Small and Medium Businesses (SMBs) play an important role in the economy: according to the Asian Development Bank, SMBs account for an average 97 percent of all enterprises in the Asia Pacific region, meaning that they deserve top priority for protection against cyberattack.
However, while many SMBs have recently become more aware of digital defense, there remains a considerable gap between the confidence they place in their cybersecurity capabilities and their actual cyber-readiness. Approximately 73 percent of SMBs in the region still don’t have a dedicated cybersecurity team, and only 53 percent have antivirus solutions in place. Yet as more and more SMBs move towards work-from-home arrangements, the need to secure private and confidential data has become increasingly pressing.
1. Awareness and policy make up the first line of defense
There is a common misconception that SMBs are less prone to cyberattacks than larger corporations. The reality is quite the opposite: because of their limited resources, SMBs typically deploy the same personnel to oversee multiple business departments. This leaves their security systems highly susceptible to external attacks.
Moreover, often new vulnerabilities arise during times of change or transition. The COVID-19 pandemic has accelerated the shift from physical to remote working environments, emboldening a growing ecosystem of attackers who can exploit vulnerabilities caused by unsecured devices and networks.
It is therefore critical for SMB employees to get educated on their businesses’ cybersecurity obligations, policies and procedures. Most importantly, identifying where and how their assets, devices and data points are stored can help avoid unintentional disclosure of confidential information.

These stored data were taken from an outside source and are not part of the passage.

(* Let $\mathbf{S}=(S_n)_{n\in\mathbb{N}}$ be a stationary ergodic information source with finite alphabet $A=\{1,\ldots,N\}$ (ordered by the usual order of integers), and let $R_n=\sum_{i=1}^{n}\delta(S_i\le S_n)$ be its rank variables. Then for every $l\ge 1$, \[ \lim_{k\to\infty} H_m\big(R_{k+1}^{k+l}\,\big|\,S_1^{k}\big)=\lim_{k\to\infty} H_m\big(S_{k+1}^{k+l}\,\big|\,S_1^{k}\big). \]
   Context: A finite-alphabet information source is a discrete-time stochastic process $\mathbf{S}=(S_n)_{n\in\mathbb{N}}$ of random variables with values in a finite alphabet $A$; it is stationary and ergodic if its sequence-space model $(A^{\mathbb{N}},\mathcal{Z},m,\sigma)$ (with $m$ the induced shift-invariant distribution on output sequences and $\sigma$ the left shift) is stationary and ergodic. For a proposition $P$, $\delta(P)=1$ if $P$ holds and $0$ otherwise. The rank variable $R_n=\sum_{i=1}^n\delta(S_i\le S_n)$ takes values in $\{1,\ldots,n\}$. For indices $i\le j$, $S_i^j$ denotes the word $S_i S_{i+1}\cdots S_j$, and similarly $R_i^j$. $H_m(\cdot\mid\cdot)$ denotes Shannon conditional entropy (logarithm base 2) computed with respect to the joint distribution of the process. *)

From HB Require Import structures.
From mathcomp Require Import all_boot all_order all_algebra.
From mathcomp Require Import all_classical all_reals all_analysis.
Set Implicit Arguments. Unset Strict Implicit. Unset Printing Implicit Defensive.
Import Order.TTheory GRing.Theory Num.Theory.
Local Open Scope classical_set_scope.
Local Open Scope ring_scope.

(* Conventions: the alphabet A = {1,..,N} is represented by 'I_N = {0,..,N-1}
   (order-preserving shift).  The process S_1, S_2, ... is represented by
   X : nat -> T -> 'I_N with X i = S_{i+1} (0-based indexing). *)

Section Source.
Variables (d : measure_display) (T : measurableType d) (R : realType).
Variable (P : probability T R).
Variable (N : nat).
Implicit Types (X : nat -> T -> 'I_N).

(* word X_k ... X_{k+n-1}, i.e. S_{k+1}^{k+n} *)
Definition word X (k n : nat) (w : T) : n.-tuple 'I_N :=
  [tuple X (k + i) w | i < n].

Definition is_source X : Prop :=
  forall n (a : 'I_N), measurable [set w | X n w = a].

Definition stationary X : Prop :=
  forall (k n : nat) (v : n.-tuple 'I_N),
    P [set w | word X k n w = v] = P [set w | word X 0 n w = v].

Definition cylinders : set_system (nat -> 'I_N) :=
  [set C | exists n (v : n.-tuple 'I_N),
     C = [set x : nat -> 'I_N | mktuple (fun i : 'I_n => x (nat_of_ord i)) = v]].

Definition shift (x : nat -> 'I_N) : nat -> 'I_N := fun n => x n.+1.

(* ergodicity of the sequence-space model (A^N, Z, m, shift) where m is
   the law of the path w |-> (X n w)_n *)
Definition ergodic X : Prop :=
  forall B : set (nat -> 'I_N), <<s cylinders >> B ->
    shift @^-1` B = B ->
    P [set w | B (fun n => X n w)] = 0%E \/ P [set w | B (fun n => X n w)] = 1%E.

Definition pr (E : set T) : R := fine (P E).

Definition log2 (x : R) : R := ln x / ln 2.

Definition condH (U V : finType) (Y : T -> U) (Z : T -> V) : R :=
  - \sum_(u : U) \sum_(v : V)
      (let pj := pr [set w | Y w = u /\ Z w = v] in
       let pz := pr [set w | Z w = v] in
       if pj == 0 then 0 else pj * log2 (pj / pz)).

2. Take advantage of publicly available resources
Regular audits can help SMBs understand the level of protection they need, from policies that govern workflow, to protocols that ensure data security. Thankfully, there are a plethora of public resources available to ease this process.
Republic Act No. 6977, otherwise known as the “Magna Carta for Micro, Small and Medium Enterprises (MSMEs)”, recognizes that MSMEs have the potential for more employment generation and economic growth and therefore can help provide a self-sufficient industrial foundation for the country. As such, the State shall support the MSMEs by providing programs for training in entrepreneurship and for skills development for labor; granting access to sources of funds; assuring them to a fair share of government contracts; complementing financing programs; instituting safeguards for the protection and stability of the credit delivery system; raising government efficiency and effectiveness in providing assistance; promoting linkages between large and small enterprises; making the private sector a partner in the task of building up MSMEs through the promotion and participation of private voluntary organizations, viable industry associations, and cooperatives; and assuring a balanced and sustainable development through the establishment of a feedback and evaluation mechanism that will monitor the economic contributions of the development of MSMEs.”
3. Look for simple, customized solutions that don’t strain the budget
Unlike larger businesses, SMBs do not have the flexibility to deploy large project funds for cybersecurity, as this may come at the cost of other key functions of their business.
By unifying their security technologies and sticking to fewer tools, SMBs can more quickly identify areas for orchestration and streamline cybersecurity processes.
Lenovo’s subscription and “as-a-service” models, for instance, offer SMBs flexibility and cost-efficiency without adding unnecessary headcount.
4. Be vigilant against the increasing prevalence of supply chain-based attacks
Many SMBs collaborate with larger organizations. These partnerships, however, can also lead to unintended cybersecurity consequences.
As contractors or vendors, SMBs cultivate a shared identity with and form a part of the supply chain of these organizations. In these scenarios, businesses expect regular security assessments and onboarding due diligence to be carried out by the enterprise in question. This abuse of trust between two systems, whether intentional or unintentional, is what cyber criminals take advantage of, giving rise to supply chain-based attacks.
Enterprises have started to make wholesale changes to their vetting approach as a result. Some are implementing a zero-trust network architecture, wherein vendors must prove they have met organizational compliance policies. Furthermore, an increasing onus is being placed on SMBs to abide by cybersecurity requirements that corporations are writing into contractor agreements.
5. Seek help from industry leaders
Remote and hybrid work can put SMBs at risk with an ill-equipped IT security workforce. With the bulk of time focused on growing their core business, SMBs often lack time to research new and emerging security threats. This results in an overreliance on outdated and inefficient technologies to identify breaches.
To counter this, SMBs can seek out partnerships with industry leaders and subject matter experts like Lenovo. They utilize a consultative approach to understand pain points and apply use cases to identify critical workflows that require robust infrastructure. In short, engaging the services of these experts can help SMBs “protect, detect, respond and recover.”
SMBs are the backbone of Asia’s economy – a backbone that deserves to be protected even as the world transforms.